E infatti, la contestata Convenzione si fondava proprio sul presupposto che i lavori fossero incominciati il 29 dicembre 2008, prima del termine di entrata in vigore della citata normativa europea, nonostante i rilievi fotografici dimostrassero il contrario.

Sebbene il discusso punto sull’avvio del cantiere prima o dopo il termine che avrebbe negato l’utilizzo di fondi pubblici sembrasse propendere verso una soluzione negativa per il Consorzio, il Tar ha nuovamente ribaltato tutto con la sentenza dello scorso luglio.

Questa volta i giudici amministrativi hanno dato ragione al ricorrente, consentendo la stipula della Convenzione definitiva, sulla base della circostanza che quella preliminare si riferiva ad opere incominciate prima del 2009. Oltre a poter mandare avanti il cantiere, il Consorzio potrà inoltre avvalersi dei finanziamenti statali per le energie rinnovabili (anche se di rinnovabile sembra esserci poco).

A questo punto l’iniziativa, e il destino dei cittadini di Albano, passerà per le mani della Regione Lazio, la quale dovrà redigere un piano rifiuti da sottoporre all’approvazione del Consiglio regionale. Solo se tale piano prevedrà l’inceneritore di Roncigliano e, soprattutto, se sarà approvato, allora si potrà proseguire il cammino che conduce all’innalzamento di un termovalorizzatore in piena zona dei castelli romani.

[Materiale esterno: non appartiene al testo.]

(* Let $\{(Y_i,\tilde Y_i)\}_{i\in\mathbb Z}$ be i.i.d. with law $P_{Y\tilde Y}$, assume $I(Y;\tilde Y)>0$, and let $E_+>0$ be a constant such that for every $m\in\mathbb N_+$ and any i.i.d. pairs $(U_i,V_i)\sim P_Y\otimes P_Y$ one has $\mathbb P[\sum_{i=1}^m\log\lambda(U_i,V_i)>0]\le\exp[-mE_+]$ (such a constant exists). Then for every integer $k\ge1$ and every $t\in\mathbb N_+$, \[ \mathbb P\!\left[\sum_{i=1}^t\log\lambda(Y_{k+i},\tilde Y_i)>0\right]\le2\exp\!\left[-(t-1)\frac{E_+}{2}\right]. \]
   Context: $\mathcal X,\mathcal Y$ finite alphabets; logs base $|\mathcal X|$ and $\exp$ in the same base. Given $P_X$ and a channel $P_{Y\mid X}$: $P_Y$ is the $Y$-marginal of $P_X\otimes P_{Y\mid X}$ (assume $P_Y(y)>0$ for all $y$), $P_{Y\tilde Y}(y,\tilde y):=\sum_xP_X(x)P_{Y\mid X}(y\mid x)P_{Y\mid X}(\tilde y\mid x)$ (note its $\tilde Y$-marginal is also $P_Y$), $\lambda(y,\tilde y):=P_{Y\tilde Y}(y,\tilde y)/(P_Y(y)P_Y(\tilde y))$, and $I(Y;\tilde Y)$ is the mutual information under $P_{Y\tilde Y}$. *)

From HB Require Import structures.
From mathcomp Require Import all_boot all_order all_algebra.
From mathcomp Require Import all_classical all_reals all_analysis.
Set Implicit Arguments. Unset Strict Implicit. Unset Printing Implicit Defensive.
Import Order.TTheory GRing.Theory Num.Theory.
Local Open Scope ring_scope.

Section Defs.
Variables (R : realType) (X Y : finType).
Variables (PX : X -> R) (W : X -> Y -> R).

Definition PY (y : Y) : R := \sum_(x : X) PX x * W x y.

Definition PYY (y yt : Y) : R := \sum_(x : X) PX x * W x y * W x yt.

Definition lam (y yt : Y) : R := PYY y yt / (PY y * PY yt).

(* logarithm and exponential in base b (the paper uses b = |X|) *)
Definition logb (b x : R) : R := ln x / ln b.
Definition expb (b x : R) : R := b `^ x.

(* extended logarithm: log 0 = -oo (needed since lambda may vanish) *)
Definition elogb (b x : R) : \bar R :=
  if 0 < x then (logb b x)%:E else -oo%E.

Definition MI (b : R) : R :=
  \sum_(y : Y) \sum_(yt : Y)
     (if 0 < PYY y yt then PYY y yt * logb b (lam y yt) else 0).
End Defs.

From HB Require Import structures.
From mathcomp Require Import all_boot all_order all_algebra.
From mathcomp Require Import all_classical all_reals all_analysis.
From mathcomp Require Import lra zify.
Import Order.TTheory GRing.Theory Num.Theory.

(* The pairs (Y_(k+i), Yt_i), i < t, are not independent: Y_(k+i) and
   Yt_(k+i) belong to the same draw.  Colour the indices 0 .. t-1 so that i
   and i + k always get different colours and each colour class has at least
   t/2 elements.  Within one class every position is read at most once, so the
   pairs are distributed as P_Y (x) P_Y and the hypothesis on E_+ applies to the
   partial sum over the class.  A positive total sum has a positive partial sum
   over one of the two classes, and a union bound gives the factor 2. *)

Set Implicit Arguments. Unset Strict Implicit. Unset Printing Implicit Defensive.

(* Odd k: parity of i.  Even k: parity of i flipped on every other block of
   length k; shifting by k changes the block, while 2j and 2j+1 share one. *)
Definition shift_coloring (k i : nat) : bool :=
  if odd k then odd i else odd (i + i %/ k).

Lemma shift_coloringDk k i : (0 < k)%N ->
  shift_coloring k (i + k) = ~~ shift_coloring k i.
Proof.
move=> k_gt0; rewrite /shift_coloring; case: ifP => odd_k.
  by rewrite oddD odd_k addbT.
rewrite divnDr ?dvdnn // divnn k_gt0 !oddD odd_k.
by case: (odd i); case: (odd (i %/ k)).
Qed.

Lemma shift_coloring_doubleS k j : (0 < k)%N ->
  shift_coloring k j.*2.+1 = ~~ shift_coloring k j.*2.
Proof.
move=> k_gt0; rewrite /shift_coloring; case: ifP => odd_k /=.
  by rewrite odd_double.
have k_ndvd : (k %| j.*2.+1) = false.
  by apply: contraFF odd_k => /dvdn_odd; apply; rewrite /= odd_double.
by rewrite divnS // k_ndvd add0n.
Qed.

Lemma count_iota_alternating (c : pred nat) :
  (forall j, c j.*2.+1 = ~~ c j.*2) -> forall n, count c (iota 0 n.*2) = n.
Proof.
move=> c_alt; elim=> // n IHn.
rewrite doubleS -addn2 iotaD count_cat IHn /= c_alt.
by case: (c n.*2) => /=; rewrite ?addn1 ?addn0.
Qed.

Lemma card_alternating_ge_half (c : pred nat) t :
  (forall j, c j.*2.+1 = ~~ c j.*2) -> (t./2 <= #|[set i : 'I_t | c i]|)%N.
Proof.
move=> c_alt.
have -> : #|[set i : 'I_t | c i]| = count c (iota 0 t).
  by rewrite cardsE cardE /enum_mem size_filter -enumT /= -val_enum_ord count_map.
rewrite -[t in iota 0 t]odd_double_half addnC iotaD count_cat.
by rewrite count_iota_alternating // leq_addr.
Qed.

Definition shift_free t k (S : {set 'I_t}) :=
  forall i i' : 'I_t, i \in S -> i' \in S -> i' != i + k :> nat.

Definition color_class t k (c : bool) : {set 'I_t} :=
  [set i : 'I_t | shift_coloring k i == c].

Lemma color_class_shift_free t k c : (0 < k)%N -> shift_free k (color_class t k c).
Proof.
move=> k_gt0 i i'; rewrite !inE => /eqP ci /eqP ci'; apply/eqP => ii'.
by move: ci'; rewrite ii' shift_coloringDk // ci => /eqP; case: c {ci}.
Qed.

Lemma card_color_class t k c : (0 < k)%N -> (t./2 <= #|color_class t k c|)%N.
Proof.
move=> k_gt0; apply: (card_alternating_ge_half (c := fun i => shift_coloring k i == c)) => j.
by rewrite shift_coloring_doubleS //; case: (shift_coloring k j.*2); case: c.
Qed.

Lemma setC_color_class t k c : ~: color_class t k c = color_class t k (~~ c).
Proof. by apply/setP => i; rewrite !inE; case: c; case: (shift_coloring k i). Qed.

Local Open Scope ring_scope.

Lemma prod_preim_exchange (R : comNzRingType) (I J : finType) (a : I -> J)
    (g : J -> I -> R) :
  \prod_j \prod_(i | a i == j) g j i = \prod_i g (a i) i.
Proof.
under eq_bigr do rewrite big_mkcond /=.
rewrite exchange_big /=; apply: eq_bigr => i _.
by rewrite -big_mkcond /= (big_pred1 (a i)) // => j; rewrite /= eq_sym.
Qed.

Lemma prod_preim_inj (R : comNzRingType) (I J : finType) (a : I -> J) :
  injective a -> forall i (G : I -> R), \prod_(i' | a i' == a i) G i' = G i.
Proof. by move=> a_inj i G; rewrite (big_pred1 i) // => i'; rewrite /= (inj_eq a_inj). Qed.

Lemma prod_preim_none (R : comNzRingType) (I J : finType) (a : I -> J) j :
  (forall i, (a i == j) = false) -> forall G : I -> R, \prod_(i | a i == j) G i = 1.
Proof. by move=> a_nj G; apply: big_pred0. Qed.

Lemma ffun_eq_indicator (R : comNzRingType) (I : finType) (T : eqType)
    (f g : {ffun I -> T}) :
  (f == g)%:R = \prod_i (f i == g i)%:R :> R.
Proof.
case: (pickP (fun i => f i != g i)) => [i neq_i | eq_fg].
  have neq_fg : f != g by apply: contraNneq neq_i => ->.
  by rewrite (negbTE neq_fg) (bigD1 i) //= (negbTE neq_i) mul0r.
have -> : f = g by apply/ffunP => i; apply/eqP/negbFE/eq_fg.
by rewrite eqxx big1 // => i _; rewrite eqxx.
Qed.

Lemma sum_mul_eq_indicator (R : comNzRingType) (I : finType) (F : I -> R) u :
  \sum_i F i * (i == u)%:R = F u.
Proof.
under eq_bigr do rewrite mulr_natr mulrb.
by rewrite -big_mkcond big_pred1_eq.
Qed.

Lemma sum_pair (R : comNzRingType) (I J : finType) (F : I * J -> R) :
  \sum_z F z = \sum_i \sum_j F (i, j).
Proof. by rewrite pair_big; apply: eq_big => // -[]. Qed.

Section ProductMarginal.
Variables (R : comNzRingType) (Y : finType) (p : Y -> Y -> R) (q1 q2 : Y -> R).
Hypothesis p_sumr : forall y, \sum_yt p y yt = q1 y.
Hypothesis p_suml : forall yt, \sum_y p y yt = q2 yt.
Hypothesis q1_sum1 : \sum_y q1 y = 1.

Lemma sum_joint_pin1 u : \sum_(z : Y * Y) p z.1 z.2 * (z.1 == u)%:R = q1 u.
Proof.
rewrite sum_pair -(sum_mul_eq_indicator q1); apply: eq_bigr => y _.
by rewrite -p_sumr mulr_suml.
Qed.

Lemma sum_joint_pin2 v : \sum_(z : Y * Y) p z.1 z.2 * (z.2 == v)%:R = q2 v.
Proof.
rewrite sum_pair exchange_big -(sum_mul_eq_indicator q2); apply: eq_bigr => yt _.
by rewrite -p_suml mulr_suml.
Qed.

Lemma sum_joint1 : \sum_(z : Y * Y) p z.1 z.2 = 1.
Proof. by rewrite sum_pair -q1_sum1; apply: eq_bigr => y _; rewrite p_sumr. Qed.

Variables (m : nat) (J : finType) (al be : 'I_m -> J).
Hypotheses (al_inj : injective al) (be_inj : injective be).
Hypothesis al_neq_be : forall l l', al l != be l'.
Variable uv : {ffun 'I_m -> Y * Y}.

Lemma sum_joint_pinned j :
  \sum_(z : Y * Y) p z.1 z.2 * ((\prod_(l | al l == j) (z.1 == (uv l).1)%:R) *
                                (\prod_(l | be l == j) (z.2 == (uv l).2)%:R))
  = (\prod_(l | al l == j) q1 (uv l).1) * (\prod_(l | be l == j) q2 (uv l).2).
Proof.
case: (pickP (fun l => al l == j)) => [l /eqP <- | al_nj].
  have be_nal l' : (be l' == al l) = false by rewrite eq_sym (negbTE (al_neq_be _ _)).
  rewrite [in RHS](prod_preim_inj al_inj) [in RHS](prod_preim_none be_nal).
  rewrite mulr1 -sum_joint_pin1; apply: eq_bigr => z _.
  by rewrite (prod_preim_inj al_inj) (prod_preim_none be_nal) mulr1.
rewrite [in RHS](prod_preim_none al_nj) mul1r.
case: (pickP (fun l => be l == j)) => [l /eqP be_l | be_nj].
  subst j.
  rewrite [in RHS](prod_preim_inj be_inj) -sum_joint_pin2; apply: eq_bigr => z _.
  by rewrite (prod_preim_none al_nj) (prod_preim_inj be_inj) mul1r.
rewrite [in RHS](prod_preim_none be_nj) -[RHS]sum_joint1; apply: eq_bigr => z _.
by rewrite (prod_preim_none al_nj) (prod_preim_none be_nj) !mulr1.
Qed.

Lemma sum_product_marginal :
  \sum_(f : {ffun J -> Y * Y} | [ffun l => ((f (al l)).1, (f (be l)).2)] == uv)
      \prod_j p (f j).1 (f j).2
  = \prod_l (q1 (uv l).1 * q2 (uv l).2).
Proof.
pose h j (z : Y * Y) := p z.1 z.2 *
  ((\prod_(l | al l == j) (z.1 == (uv l).1)%:R) *
   (\prod_(l | be l == j) (z.2 == (uv l).2)%:R)).
(* The constraint on f splits into one factor per coordinate j, so the sum of
   products over f becomes a product over j of sums over the value f j. *)
have indicator_factor (f : {ffun J -> Y * Y}) :
    ([ffun l => ((f (al l)).1, (f (be l)).2)] == uv)%:R *
      \prod_j p (f j).1 (f j).2 = \prod_j h j (f j).
  rewrite ffun_eq_indicator.
  under eq_bigr do rewrite ffunE [uv _]surjective_pairing xpair_eqE -mulnb natrM.
  rewrite big_split /= -(prod_preim_exchange al (fun j l => ((f j).1 == (uv l).1)%:R)).
  rewrite -(prod_preim_exchange be (fun j l => ((f j).2 == (uv l).2)%:R)).
  by rewrite mulrC -!big_split.
rewrite big_mkcond (eq_bigr (fun f : {ffun J -> Y * Y} => \prod_j h j (f j))) => [|f _]; last first.
  by rewrite -indicator_factor; case: eqP; rewrite ?mul1r ?mul0r.
rewrite -bigA_distr_bigA /=.
under eq_bigr do rewrite sum_joint_pinned.
by rewrite big_split /= !prod_preim_exchange -big_split.
Qed.

End ProductMarginal.

Lemma ler_sum_cover (R : numDomainType) (I : finType) (P P1 P2 : pred I)
    (w : I -> R) :
  (forall i, 0 <= w i) -> (forall i, P i -> P1 i || P2 i) ->
  \sum_(i | P i) w i <= \sum_(i | P1 i) w i + \sum_(i | P2 i) w i.
Proof.
move=> w_ge0 cover; rewrite (big_mkcond P) (big_mkcond P1) (big_mkcond P2).
rewrite -big_split /=; apply: ler_sum => i _.
have w_ge0' b : 0 <= (if b then w i else 0) by case: b.
case: (boolP (P i)) => [/cover/orP[]-> | _]; last exact: addr_ge0.
- by rewrite lerDl.
- by rewrite lerDr.
Qed.

Lemma sume_gt0_setC (R : realDomainType) (I : finType) (A : {set I})
    (g : I -> \bar R) :
  (0 < \sum_i g i)%E -> (0 < \sum_(i in A) g i)%E || (0 < \sum_(i in ~: A) g i)%E.
Proof.
have -> : (\sum_i g i = \sum_(i in A) g i + \sum_(i in ~: A) g i)%E.
  by rewrite (bigID (mem A)) /=; congr (_ + _)%E; apply: eq_bigl => i; rewrite inE.
by apply: contraTT; rewrite negb_or -!leNgt => /andP[? ?]; apply: adde_le0.
Qed.

Section ChannelOutputPairs.
Variables (R : realType) (X Y : finType) (PX : X -> R) (W : X -> Y -> R).
Hypothesis PX_sum1 : \sum_x PX x = 1.
Hypothesis W_sum1 : forall x, \sum_y W x y = 1.

Lemma PYY_sumr y : \sum_yt PYY PX W y yt = PY PX W y.
Proof.
rewrite /PYY /PY exchange_big; apply: eq_bigr => x _.
by rewrite -mulr_sumr W_sum1 mulr1.
Qed.

Lemma PYY_suml yt : \sum_y PYY PX W y yt = PY PX W yt.
Proof.
rewrite /PYY /PY exchange_big; apply: eq_bigr => x _.
by under eq_bigr do rewrite mulrAC; rewrite -mulr_sumr W_sum1 mulr1.
Qed.

Lemma PY_sum1 : \sum_y PY PX W y = 1.
Proof.
rewrite /PY exchange_big -[RHS]PX_sum1; apply: eq_bigr => x _.
by rewrite -mulr_sumr W_sum1 mulr1.
Qed.

Variable Eplus : R.
Hypothesis HE : forall m : nat, (0 < m)%N ->
  \sum_(uv : {ffun 'I_m -> Y * Y} |
          (0 < \sum_(i < m) elogb (#|X|%:R) (lam PX W (uv i).1 (uv i).2))%E)
     \prod_(i < m) (PY PX W (uv i).1 * PY PX W (uv i).2)
  <= expb (#|X|%:R) (- (m%:R * Eplus)).

Lemma shift_free_tail_bound k t (S : {set 'I_t}) : shift_free k S ->
  \sum_(f : {ffun 'I_(k + t) -> Y * Y} |
          (0 < \sum_(i in S) elogb (#|X|%:R)
                 (lam PX W (f (rshift k i)).1 (f (widen_ord (leq_addl k t) i)).2))%E)
     \prod_(j < k + t) PYY PX W (f j).1 (f j).2
  <= expb (#|X|%:R) (- (#|S|%:R * Eplus)).
Proof.
move=> S_free; set m := #|S|.
pose al (l : 'I_m) : 'I_(k + t) := rshift k (enum_val l).
pose be (l : 'I_m) : 'I_(k + t) := widen_ord (leq_addl k t) (enum_val l).
have al_inj : injective al by move=> l l' /rshift_inj /enum_val_inj.
have be_inj : injective be by move=> l l' /(congr1 val) /= /val_inj /enum_val_inj.
have al_neq_be l l' : al l != be l'.
  apply/negP => /eqP /(congr1 val) /= eq_ll'.
  by move: (S_free _ _ (enum_valP l) (enum_valP l')); rewrite -eq_ll' addnC eqxx.
pose F (f : {ffun 'I_(k + t) -> Y * Y}) : {ffun 'I_m -> Y * Y} :=
  [ffun l => ((f (al l)).1, (f (be l)).2)].
pose E (uv : {ffun 'I_m -> Y * Y}) :=
  (0 < \sum_(l < m) elogb (#|X|%:R) (lam PX W (uv l).1 (uv l).2))%E.
rewrite (eq_bigl (fun f => E (F f))) => [|f]; last first.
  by rewrite /E big_enum_val; under [in RHS]eq_bigr do rewrite ffunE.
rewrite (partition_big F E) //=.
under eq_bigr => uv Euv.
  rewrite (eq_bigl (fun f => F f == uv)) => [|f]; last by case: eqP => [->|_]; rewrite ?Euv ?andbF.
  rewrite (sum_product_marginal PYY_sumr PYY_suml PY_sum1 al_inj be_inj al_neq_be).
  over.
have [m0|m_gt0] := posnP m; last exact: HE.
rewrite big_pred0 ?powR_ge0 // => uv; rewrite /E.
by move: uv; rewrite m0 => uv; rewrite big_ord0 ltxx.
Qed.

Riflessioni sui rifiuti ai Castelli Romani

Le diverse posizioni assunte dalla giustizia nella vicenda in oggetto di certo non tranquillizzano e non forniscono sensazioni positive e di fiducia nell’ordinamento italiano.

Si discute di un progetto da più di dieci anni ormai, che non sono niente se paragonati alla Salerno-Reggio Calabria, ma che al contrario sono inquietanti se si pensa in generale alle grandi opere e all’esito degli investimenti e delle idee nel nostro paese.

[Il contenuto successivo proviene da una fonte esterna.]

Lemma sin_ge_third w : 0 <= w <= 2 -> w / 3 <= sin w.
Proof.
  intros Hw; pose proof PI2_1.
  destruct (sin_bound w 0) as [Hsin _]; [lra|lra|].
  unfold sin_approx, sin_term in Hsin; simpl in Hsin; nra.
Qed.

Lemma scaled_sin_ge N w : 1 <= N -> 0 <= w <= 2 * N -> w / 3 <= N * sin (w / N).
Proof.
  intros HN Hw.
  assert (0 <= w / N <= 2).
  { split; [apply Rdiv_le_0_compat; lra|].
    apply Rmult_le_reg_r with N; [lra|]; unfold Rdiv; rewrite Rmult_assoc, Rinv_l; lra. }
  pose proof (sin_ge_third (w / N) H).
  replace (w / 3) with (N * (w / N / 3)) by (field; lra).
  apply Rmult_le_compat_l; lra.
Qed.

Lemma coth_term_nonneg y M x : 0 < y -> 0 <= coth_term y M x.
Proof.
  intros hy; unfold coth_term; pose proof (nterms_ge1 M) as HN.
  assert (0 < sinh (2 * y / nterms M)) by (apply sinh_pos, Rdiv_lt_0_compat; lra).
  assert (0 < sinh (y / nterms M)) by (apply sinh_pos, Rdiv_lt_0_compat; lra).
  assert (0 < (nterms M * sinh (y / nterms M)) ^ 2) by (apply pow_lt; nra).
  pose proof (pow2_ge_0 (nterms M * sin (PI * x / nterms M))).
  apply Rdiv_le_0_compat; nra.
Qed.

Lemma coth_term_le y M k : 0 < y -> (1 <= k <= M)%nat ->
  coth_term y M (INR k) <= 9 * y * exp (2 * y) / PI ^ 2 / INR k ^ 2.
Proof.
  intros hy Hk; unfold coth_term.
  pose proof (nterms_ge1 M) as HN; pose proof PI_RGT_0; pose proof PI_4.
  assert (Hk1 : 1 <= INR k) by (apply (le_INR 1); lia).
  assert (HkM : INR k <= INR M) by (apply le_INR; lia).
  assert (Hnum : nterms M * sinh (2 * y / nterms M) <= 2 * y * exp (2 * y))
    by (apply scaled_sinh_le; lra).
  assert (Hnum0 : 0 <= nterms M * sinh (2 * y / nterms M))
    by (pose proof (sinh_pos (2 * y / nterms M) ltac:(apply Rdiv_lt_0_compat; lra)); nra).
  assert (Hsin : PI * INR k / 3 <= nterms M * sin (PI * INR k / nterms M))
    by (apply scaled_sin_ge; [lra|rewrite nterms_eq; split; nra]).
  assert (Hk0 : 0 < PI * INR k / 3) by (apply Rdiv_lt_0_compat; nra).
  assert (Hden : 2 * (PI * INR k / 3) ^ 2
                 <= 2 * ((nterms M * sinh (y / nterms M)) ^ 2
                         + (nterms M * sin (PI * INR k / nterms M)) ^ 2)).
  { pose proof (pow2_ge_0 (nterms M * sinh (y / nterms M))).
    assert ((PI * INR k / 3) ^ 2 <= (nterms M * sin (PI * INR k / nterms M)) ^ 2)
      by (apply pow_incr; lra).
    lra. }
  assert (0 < (PI * INR k / 3) ^ 2) by (apply pow_lt; lra).
  apply Rle_trans with (2 * y * exp (2 * y) / (2 * (PI * INR k / 3) ^ 2)).
  - unfold Rdiv; apply Rmult_le_compat; try lra.
    + left; apply Rinv_0_lt_compat; lra.
    + apply Rinv_le_contravar; lra.
  - right; field; lra.
Qed.

Lemma fsum_inv_sq_tail K d : (1 <= K)%nat ->
  fsum (fun i => / INR (S (K + i)) ^ 2) d <= / INR K - / INR (K + d).
Proof.
  intros HK; induction d as [|d IH]; [simpl; rewrite Nat.add_0_r; lra|].
  change (fsum ?f (S d)) with (fsum f d + f d); cbv beta.
  assert (Hn : 1 <= INR (K + d)) by (apply (le_INR 1); lia).
  rewrite Nat.add_succ_r, S_INR.
  assert (/ (INR (K + d) + 1) ^ 2 <= / INR (K + d) - / (INR (K + d) + 1)).
  { replace (/ INR (K + d) - / (INR (K + d) + 1)) with (/ (INR (K + d) * (INR (K + d) + 1)))
      by (field; lra).
    apply Rinv_le_contravar; nra. }
  lra.
Qed.

Lemma ex_series_inv_sq : ex_series (fun k => / INR (S k) ^ 2).
Proof.
  assert (Hpos : forall k, 0 < / INR (S k) ^ 2)
    by (intros; apply Rinv_0_lt_compat, pow_lt, lt_0_INR; lia).
  assert (Hgrow : Un_growing (fsum (fun k => / INR (S k) ^ 2))).
  { intros n; change (fsum ?f (S n)) with (fsum f n + f n); specialize (Hpos n); lra. }
  assert (Hbound : has_ub (fsum (fun k => / INR (S k) ^ 2))).
  { exists 2; intros x [n ->].
    destruct n as [|n]; [simpl; lra|].
    rewrite (fsum_split _ 1); change (fsum ?f 1) with (0 + f O); cbv beta.
    pose proof (fsum_inv_sq_tail 1 n ltac:(lia)) as Htail.
    assert (0 < / INR (1 + n)) by (apply Rinv_0_lt_compat, lt_0_INR; lia).
    simpl INR in *; rewrite Rinv_1 in Htail; lra. }
  destruct (growing_cv _ Hgrow Hbound) as [l Hl].
  exists l; apply is_series_fsum, is_lim_seq_Reals, Hl.
Qed.

Lemma ex_series_dominated a K :
  (forall k, Rabs (a k) <= K / INR (S k) ^ 2) -> ex_series (fun k => Rabs (a k)).
Proof.
  intros Ha.
  apply (@ex_series_le R_AbsRing R_CompleteNormedModule)
    with (2 := ex_series_scal_l K _ ex_series_inv_sq).
  intros k; unfold norm; simpl; unfold abs; simpl; rewrite Rabs_Rabsolu; apply Ha.
Qed.

Lemma fsum_tail_dominated a C K d : (1 <= K)%nat -> 0 <= C ->
  (forall i, (i < d)%nat -> Rabs (a (K + i)%nat) <= C / INR (S (K + i)) ^ 2) ->
  Rabs (fsum (fun i => a (K + i)%nat) d) <= C / INR K.
Proof.
  intros HK HC Ha.
  eapply Rle_trans; [apply fsum_abs|].
  eapply Rle_trans; [apply (fsum_le _ (fun i => C * / INR (S (K + i)) ^ 2)), Ha|].
  rewrite fsum_scal; apply Rmult_le_compat_l; [exact HC|].
  pose proof (fsum_inv_sq_tail K d HK).
  assert (0 < / INR (K + d)) by (apply Rinv_0_lt_compat, lt_0_INR; lia).
  lra.
Qed.

Lemma tannery (u : nat -> nat -> R) (v : nat -> R) C :
  (forall M k, (k < M)%nat -> Rabs (u M k) <= C / INR (S k) ^ 2) ->
  (forall k, is_lim_seq (fun M => u M k) (v k)) ->
  ex_series v /\ is_lim_seq (fun M => fsum (u M) M) (Series v).
Proof.
  intros Hu Huv.
  assert (Hv : forall k, Rabs (v k) <= C / INR (S k) ^ 2).
  { intros k.
    assert (Hle : Rbar_le (Rabs (v k)) (C / INR (S k) ^ 2)).
    { apply (is_lim_seq_le_loc (fun M => Rabs (u M k)) (fun _ => C / INR (S k) ^ 2)).
      - exists (S k); intros M HM; apply Hu; lia.
      - apply (is_lim_seq_abs _ (v k)), Huv.
      - apply is_lim_seq_const. }
    exact Hle. }
  assert (HC : 0 <= C).
  { pose proof (Hv O); pose proof (Rabs_pos (v O)).
    assert (C / INR 1 ^ 2 = C) by (simpl; field); lra. }
  assert (Hex : ex_series v) by exact (ex_series_Rabs _ (ex_series_dominated v C Hv)).
  split; [exact Hex|].
  pose proof (Series_correct v Hex) as Hser; apply is_series_fsum, is_lim_seq_Reals in Hser.
  apply is_lim_seq_Reals; intros eps Heps.
  (* Split at K: the tail is uniformly below eps/3, and the first K terms converge. *)
  destruct (Hser (eps / 3) ltac:(lra)) as [K0 HK0].
  destruct (INR_unbounded (3 * C / eps)) as [K1 HK1].
  set (K := Nat.max (Nat.max K0 K1) 1).
  assert (HK : (1 <= K)%nat) by (unfold K; lia).
  assert (Htail_small : C / INR K < eps / 3).
  { assert (INR K1 <= INR K) by (apply le_INR; unfold K; lia).
    assert (0 < INR K) by (apply lt_0_INR; lia).
    apply Rmult_lt_reg_r with (INR K); [lra|].
    unfold Rdiv; rewrite Rmult_assoc, Rinv_l, Rmult_1_r by lra.
    assert (3 * C / eps * eps = 3 * C) by (field; lra).
    nra. }
  pose proof (is_lim_seq_fsum u v K Huv) as Hhead; apply is_lim_seq_Reals in Hhead.
  destruct (Hhead (eps / 3) ltac:(lra)) as [M0 HM0].
  exists (Nat.max M0 K); intros M HM; unfold Rdist in *.
  specialize (HM0 M ltac:(lia)); specialize (HK0 K ltac:(unfold K; lia)).
  pose proof (fsum_tail_dominated (u M) C K (M - K) HK HC
                (fun i Hi => Hu M (K + i)%nat ltac:(lia))) as Htail.
  replace (fsum (u M) M) with (fsum (u M) K + fsum (fun i => u M (K + i)%nat) (M - K))
    by (rewrite <- fsum_split; f_equal; lia).
  set (tail := fsum (fun i => u M (K + i)%nat) (M - K)) in *.
  replace (fsum (u M) K + tail - Series v)
    with ((fsum (u M) K - fsum v K) + tail + (fsum v K - Series v)) by ring.
  pose proof (Rabs_triang (fsum (u M) K - fsum v K + tail) (fsum v K - Series v)).
  pose proof (Rabs_triang (fsum (u M) K - fsum v K) tail).
  lra.
Qed.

È vero, in questo caso non stiamo certo parlando di un filantropo venuto da chissà quali lidi per sviluppare un progetto meritevole sul nostro territorio, si tratta piuttosto di un gruppo che intende porre in essere l’ennesima speculazione, l’ennesima occasione per far uscire denaro dalle casse dello Stato e farlo finire in quelle di qualche privato con conoscenze migliori rispetto ad altri. Ma è anche vero che, prescindendo per un attimo dall’opera cui si fa riferimento, non può esservi un paese in cui la macchina giustizia cambia idea ogni 5 minuti, ritenendo legittimo ciò che fino a ieri non considerava tale.

Tutto ciò non fa che aggravare la sensazione di precarietà e inaffidabilità che aleggia in ogni ambito italiano, con l’inevitabile conseguenza di far sì che si arrivi alla fine a una paralisi.

Per il momento, con buona pace di chi si sta facendo in quattro per battersi e protestare, pare che l’inceneritore si farà, ma chissà, nell’arco dei prossimi mesi o dei prossimi anni potrebbe di nuovo cambiare tutto. Una nuova sentenza, una nuova legge, un nuovo orientamento giurisprudenziale o un parere delle istituzioni; tutto qui può sempre intervenire a trasformare il bianco in nero o viceversa.